Piecing It Together Piecing It Together for HMS Harvester

In our PIT stop feature, we assemble additional pieces of the puzzle. Readers are able to learn more about the mill, its employees and the Hespeler community at large.
D.W.&W. News Vol. 2 | No. 11 (The story by Edgar Wilkins written in a letter home is in dispute. The published details of the timing and sinking of the HMS Harvester do not align with Edgar Wilkins’ version that was printed in the Dominion Woollens News. Furthermore, the ships manifest did not contain an entry for an Edgar Wilkins. More research is encouraged.)

Background Information

HMS Harvester

HMS Harvester was commissioned in 1940. It played a pivotal role in removing troops from various locations, including Dunkirk.

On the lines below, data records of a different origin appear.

Lemma row_ct_time_pred2 j : j \in R -> 0 < tm j ->
  exists r c, [/\ cell R j c, cell R r c, tm j = (tm c).+1 & tm c = (tm r).+1].
Proof.
move=> jR gt0j.
have j0 : j != ord0 by apply: contraTneq gt0j => ->; rewrite ct_time_ord0.
have [c jc tj] := row_ct_time_pred jR j0; have [_ cR _] := and3P jc.
by have [r rc tc] := col_ct_time_pred cR; exists r, c.
Qed.

End EWTableau.

Theorem lemma4p17 (n : nat) (R : {set 'I_n.+1}) (T : tableau n)
  (j k : 'I_n.+1) :
  Ferrers R -> EWtab R T -> cell R j k -> cornersupport R T j k ->
  exists j' k', induces R T j k j' k' /\
    ((cell R j k' /\ cell R j' k' /\
      T j k = false /\ T j k' = false /\ T j' k' = true) \/
     (cell R j' k /\ cell R j' k' /\
      T j k = true /\ T j' k = true /\ T j' k' = false)).
Proof.
move=> HF HE jk [j' [k' ind]]; have [jR kR _] := and3P jk; have [j'R k'R _ _ _] := ind.
move: ind; rewrite (induces_ct_time HF HE jR kR j'R k'R) (T_ct_time HF HE jk).
case: ifP => lt_jk chain.
  have lt1k : 1 < ct_time R (phiTC R T) k by lia.
  have [r [c [rk rc tk tr]]] := col_ct_time_pred2 HF HE kR lt1k.
  have [rR cR _] := and3P rc.
  exists r, c; split.
    by rewrite (induces_ct_time HF HE jR kR rR cR) (T_ct_time HF HE jk) lt_jk; lia.
  by right; rewrite !(T_ct_time HF HE) //; do !split=> //; lia.
have gt0j : 0 < ct_time R (phiTC R T) j by lia.
have [r [c [jc rc tj tc]]] := row_ct_time_pred2 HF HE jR gt0j.
have [rR cR _] := and3P rc.
exists r, c; split.
  by rewrite (induces_ct_time HF HE jR kR rR cR) (T_ct_time HF HE jk) lt_jk; lia.
by left; rewrite !(T_ct_time HF HE) //; do !split=> //; lia.
Qed.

In 1942, it was converted to an escort destroyer.

The ship was damaged when it rammed and sunk a German U-boat, March 1943. The very next day, it was torpedoed as it hobbled on the ocean with only one engine in operation.

HMS Harvester

HMS Harvester after torpedo strike. March 1943.

Additional recounts


Historical recount by Johhny Claes:

“In the morning on 11 Mar, 1943, HMS HARVESTER (H 19) (Cdr A.A. Tait), flagship of the Escort Group B3, escorting convoy HX-228, picked up 51 survivors from the WILLIAM C. GORGAS, which had been sunk by U-757 (Deetz). The HARVESTER then returned to the convoy and sighted U-444 (Langfeld). The U-boat dived, but was forced to the surface by the following depth-charge attack and rammed by the destroyer at full speed. The HARVESTER was locked into the U-444 with a propeller shaft and both ships were unable to manoeuvre for a while. U-444 was able to creep away but was shortly afterwards sighted by FFL ACONIT (K 58), unable to dive, the U-boat was rammed for the second time and sunk. The badly damaged HMS HARVESTER managed to get one engine running and tried to catch up with the convoy, but around noon her machinery broke down again. In this helpless situation HARVESTER was hit by one torpedo from U-432 and a few minutes later by a second and sank almost immediately. The commander, seven officers, 136 ratings and 39 survivors were lost.”